For every line in the material below that holds "sqrt", report the line.
★ ★ ★ ★ ★
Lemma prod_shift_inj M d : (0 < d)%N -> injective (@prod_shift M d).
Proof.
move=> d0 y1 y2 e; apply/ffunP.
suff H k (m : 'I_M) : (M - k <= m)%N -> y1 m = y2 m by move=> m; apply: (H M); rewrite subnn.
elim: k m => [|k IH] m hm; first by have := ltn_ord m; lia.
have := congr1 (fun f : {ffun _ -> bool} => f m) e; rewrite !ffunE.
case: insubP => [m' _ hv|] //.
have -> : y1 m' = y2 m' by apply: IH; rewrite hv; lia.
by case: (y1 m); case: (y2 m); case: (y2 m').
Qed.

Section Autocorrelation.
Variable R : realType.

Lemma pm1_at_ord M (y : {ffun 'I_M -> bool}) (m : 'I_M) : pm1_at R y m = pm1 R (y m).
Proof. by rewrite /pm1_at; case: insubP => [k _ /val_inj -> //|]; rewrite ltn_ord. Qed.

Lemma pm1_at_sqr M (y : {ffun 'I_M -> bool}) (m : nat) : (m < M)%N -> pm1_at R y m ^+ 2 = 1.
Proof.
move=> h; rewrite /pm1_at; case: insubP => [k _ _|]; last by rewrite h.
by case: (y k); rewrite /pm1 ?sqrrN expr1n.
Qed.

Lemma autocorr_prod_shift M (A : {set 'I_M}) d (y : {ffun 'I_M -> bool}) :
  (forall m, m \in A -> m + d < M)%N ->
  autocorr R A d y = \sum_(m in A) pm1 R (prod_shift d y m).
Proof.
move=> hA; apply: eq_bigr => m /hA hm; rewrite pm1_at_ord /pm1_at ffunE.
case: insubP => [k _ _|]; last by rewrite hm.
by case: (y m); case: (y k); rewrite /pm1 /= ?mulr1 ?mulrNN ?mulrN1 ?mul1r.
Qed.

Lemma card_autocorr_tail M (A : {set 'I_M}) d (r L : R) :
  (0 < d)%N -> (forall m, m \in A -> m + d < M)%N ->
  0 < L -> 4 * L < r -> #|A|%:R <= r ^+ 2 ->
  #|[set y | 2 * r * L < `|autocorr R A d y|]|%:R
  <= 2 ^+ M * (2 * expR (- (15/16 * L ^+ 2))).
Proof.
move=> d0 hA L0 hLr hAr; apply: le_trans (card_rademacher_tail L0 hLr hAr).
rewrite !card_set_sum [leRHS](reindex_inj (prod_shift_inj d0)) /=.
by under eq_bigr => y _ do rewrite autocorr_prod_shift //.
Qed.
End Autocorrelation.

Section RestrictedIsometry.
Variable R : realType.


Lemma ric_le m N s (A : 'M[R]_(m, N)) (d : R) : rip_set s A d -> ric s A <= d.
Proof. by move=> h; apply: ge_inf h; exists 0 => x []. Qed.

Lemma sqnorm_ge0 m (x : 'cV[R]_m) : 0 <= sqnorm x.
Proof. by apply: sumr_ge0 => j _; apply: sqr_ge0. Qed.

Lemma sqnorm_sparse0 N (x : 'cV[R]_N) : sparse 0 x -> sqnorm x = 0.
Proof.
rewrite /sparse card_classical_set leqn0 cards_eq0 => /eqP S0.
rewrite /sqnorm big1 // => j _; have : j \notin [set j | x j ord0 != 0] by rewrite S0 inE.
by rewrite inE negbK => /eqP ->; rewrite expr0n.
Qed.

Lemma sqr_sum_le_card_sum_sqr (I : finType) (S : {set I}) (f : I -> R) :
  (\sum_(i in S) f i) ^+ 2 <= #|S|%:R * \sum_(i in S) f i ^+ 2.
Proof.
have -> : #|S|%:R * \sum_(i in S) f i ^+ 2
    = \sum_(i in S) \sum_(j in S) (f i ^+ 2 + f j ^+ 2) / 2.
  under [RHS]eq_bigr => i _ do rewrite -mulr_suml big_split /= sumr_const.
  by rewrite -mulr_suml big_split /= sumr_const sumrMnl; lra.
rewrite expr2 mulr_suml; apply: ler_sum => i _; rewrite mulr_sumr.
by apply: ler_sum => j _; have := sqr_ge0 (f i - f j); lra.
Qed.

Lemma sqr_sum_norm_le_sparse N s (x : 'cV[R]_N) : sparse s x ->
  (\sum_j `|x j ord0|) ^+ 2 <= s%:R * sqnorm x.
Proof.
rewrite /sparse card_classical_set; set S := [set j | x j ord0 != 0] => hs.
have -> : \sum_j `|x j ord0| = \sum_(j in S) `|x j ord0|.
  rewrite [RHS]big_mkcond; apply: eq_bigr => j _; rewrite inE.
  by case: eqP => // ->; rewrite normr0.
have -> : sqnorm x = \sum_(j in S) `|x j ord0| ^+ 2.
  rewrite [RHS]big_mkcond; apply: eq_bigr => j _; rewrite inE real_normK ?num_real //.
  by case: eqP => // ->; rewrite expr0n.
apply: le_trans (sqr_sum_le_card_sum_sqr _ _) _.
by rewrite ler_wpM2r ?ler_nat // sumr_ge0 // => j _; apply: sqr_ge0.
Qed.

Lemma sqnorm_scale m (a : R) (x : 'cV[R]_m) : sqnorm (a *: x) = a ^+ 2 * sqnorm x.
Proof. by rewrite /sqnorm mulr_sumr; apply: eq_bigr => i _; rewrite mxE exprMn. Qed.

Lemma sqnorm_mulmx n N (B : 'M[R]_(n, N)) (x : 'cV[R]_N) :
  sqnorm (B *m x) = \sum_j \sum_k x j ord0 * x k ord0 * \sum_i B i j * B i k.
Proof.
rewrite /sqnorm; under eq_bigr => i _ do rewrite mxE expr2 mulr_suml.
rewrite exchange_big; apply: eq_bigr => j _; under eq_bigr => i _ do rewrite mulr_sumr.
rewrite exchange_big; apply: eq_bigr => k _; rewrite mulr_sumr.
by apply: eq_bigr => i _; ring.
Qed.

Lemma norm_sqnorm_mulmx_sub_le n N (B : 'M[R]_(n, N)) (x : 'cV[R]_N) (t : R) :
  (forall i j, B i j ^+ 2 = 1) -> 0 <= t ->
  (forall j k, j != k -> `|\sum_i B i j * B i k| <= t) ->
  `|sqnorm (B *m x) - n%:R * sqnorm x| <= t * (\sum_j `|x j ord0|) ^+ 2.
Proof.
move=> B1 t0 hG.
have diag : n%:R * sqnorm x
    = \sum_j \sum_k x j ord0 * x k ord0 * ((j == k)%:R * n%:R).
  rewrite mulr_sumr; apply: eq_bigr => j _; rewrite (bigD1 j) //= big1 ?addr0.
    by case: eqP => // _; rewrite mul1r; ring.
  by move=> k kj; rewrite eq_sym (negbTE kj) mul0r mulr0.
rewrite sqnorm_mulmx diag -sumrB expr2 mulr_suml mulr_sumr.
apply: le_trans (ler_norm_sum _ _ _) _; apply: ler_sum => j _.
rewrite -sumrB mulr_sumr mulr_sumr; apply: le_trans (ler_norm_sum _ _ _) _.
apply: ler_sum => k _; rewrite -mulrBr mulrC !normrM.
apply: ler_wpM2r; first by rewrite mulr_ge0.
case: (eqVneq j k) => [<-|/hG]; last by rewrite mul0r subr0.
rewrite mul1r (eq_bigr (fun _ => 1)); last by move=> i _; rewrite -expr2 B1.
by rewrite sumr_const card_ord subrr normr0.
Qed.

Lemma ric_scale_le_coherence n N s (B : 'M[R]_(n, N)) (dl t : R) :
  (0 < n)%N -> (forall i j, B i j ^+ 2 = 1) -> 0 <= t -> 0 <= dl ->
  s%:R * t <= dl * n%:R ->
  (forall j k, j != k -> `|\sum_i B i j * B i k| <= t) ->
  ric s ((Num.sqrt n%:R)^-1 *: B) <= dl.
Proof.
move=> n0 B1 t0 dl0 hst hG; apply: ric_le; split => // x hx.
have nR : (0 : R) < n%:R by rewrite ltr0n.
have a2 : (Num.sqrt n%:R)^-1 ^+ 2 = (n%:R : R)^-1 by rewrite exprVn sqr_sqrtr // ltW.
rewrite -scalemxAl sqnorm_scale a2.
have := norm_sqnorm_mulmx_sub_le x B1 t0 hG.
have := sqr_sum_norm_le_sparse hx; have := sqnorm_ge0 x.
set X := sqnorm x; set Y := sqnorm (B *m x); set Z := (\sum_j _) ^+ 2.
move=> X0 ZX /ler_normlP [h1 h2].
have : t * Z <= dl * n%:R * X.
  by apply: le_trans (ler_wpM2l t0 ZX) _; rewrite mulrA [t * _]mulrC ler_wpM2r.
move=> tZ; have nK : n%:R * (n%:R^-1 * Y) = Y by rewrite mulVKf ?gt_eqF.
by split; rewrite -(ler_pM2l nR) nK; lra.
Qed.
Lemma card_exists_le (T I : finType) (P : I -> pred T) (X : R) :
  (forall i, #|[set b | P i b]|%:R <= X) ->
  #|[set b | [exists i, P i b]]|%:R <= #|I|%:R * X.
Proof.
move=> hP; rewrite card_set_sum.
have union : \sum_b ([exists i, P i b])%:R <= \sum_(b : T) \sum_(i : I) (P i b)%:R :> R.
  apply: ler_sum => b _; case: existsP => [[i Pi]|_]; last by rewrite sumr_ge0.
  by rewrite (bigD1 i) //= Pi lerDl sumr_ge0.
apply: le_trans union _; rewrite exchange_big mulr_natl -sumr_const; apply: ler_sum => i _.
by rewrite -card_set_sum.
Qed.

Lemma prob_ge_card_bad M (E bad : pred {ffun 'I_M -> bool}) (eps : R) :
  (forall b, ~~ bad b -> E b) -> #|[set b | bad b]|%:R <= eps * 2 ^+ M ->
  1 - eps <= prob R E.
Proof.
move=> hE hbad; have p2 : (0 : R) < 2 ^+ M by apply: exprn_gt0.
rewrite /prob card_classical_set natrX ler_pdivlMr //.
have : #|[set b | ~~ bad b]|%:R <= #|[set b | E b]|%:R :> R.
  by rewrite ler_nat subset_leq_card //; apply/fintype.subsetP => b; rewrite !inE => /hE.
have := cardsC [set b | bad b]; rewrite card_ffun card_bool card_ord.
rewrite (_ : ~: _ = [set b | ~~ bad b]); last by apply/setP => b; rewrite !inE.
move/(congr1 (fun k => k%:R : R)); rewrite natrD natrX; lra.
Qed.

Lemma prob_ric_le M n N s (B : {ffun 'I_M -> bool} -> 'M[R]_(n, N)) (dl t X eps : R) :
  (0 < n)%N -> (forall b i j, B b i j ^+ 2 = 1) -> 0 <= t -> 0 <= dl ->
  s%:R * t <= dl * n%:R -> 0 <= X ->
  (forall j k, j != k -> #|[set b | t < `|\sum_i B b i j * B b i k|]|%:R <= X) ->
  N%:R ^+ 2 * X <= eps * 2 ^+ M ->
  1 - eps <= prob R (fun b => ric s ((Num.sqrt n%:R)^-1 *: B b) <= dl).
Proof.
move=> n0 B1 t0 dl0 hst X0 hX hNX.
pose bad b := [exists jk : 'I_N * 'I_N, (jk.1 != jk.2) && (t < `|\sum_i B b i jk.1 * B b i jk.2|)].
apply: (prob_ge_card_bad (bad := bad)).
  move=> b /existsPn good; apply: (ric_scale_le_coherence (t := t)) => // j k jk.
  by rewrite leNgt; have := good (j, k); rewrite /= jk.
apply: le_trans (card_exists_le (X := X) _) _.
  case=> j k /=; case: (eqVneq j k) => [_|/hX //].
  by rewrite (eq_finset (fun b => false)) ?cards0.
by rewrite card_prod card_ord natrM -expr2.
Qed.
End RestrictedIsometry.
★ ★ ★ ★ ★
> **Written solution**:
  ric s ((Num.sqrt n%:R)^-1 *: B) <= dl.
have a2 : (Num.sqrt n%:R)^-1 ^+ 2 = (n%:R : R)^-1 by rewrite exprVn sqr_sqrtr // ltW.
  1 - eps <= prob R (fun b => ric s ((Num.sqrt n%:R)^-1 *: B b) <= dl).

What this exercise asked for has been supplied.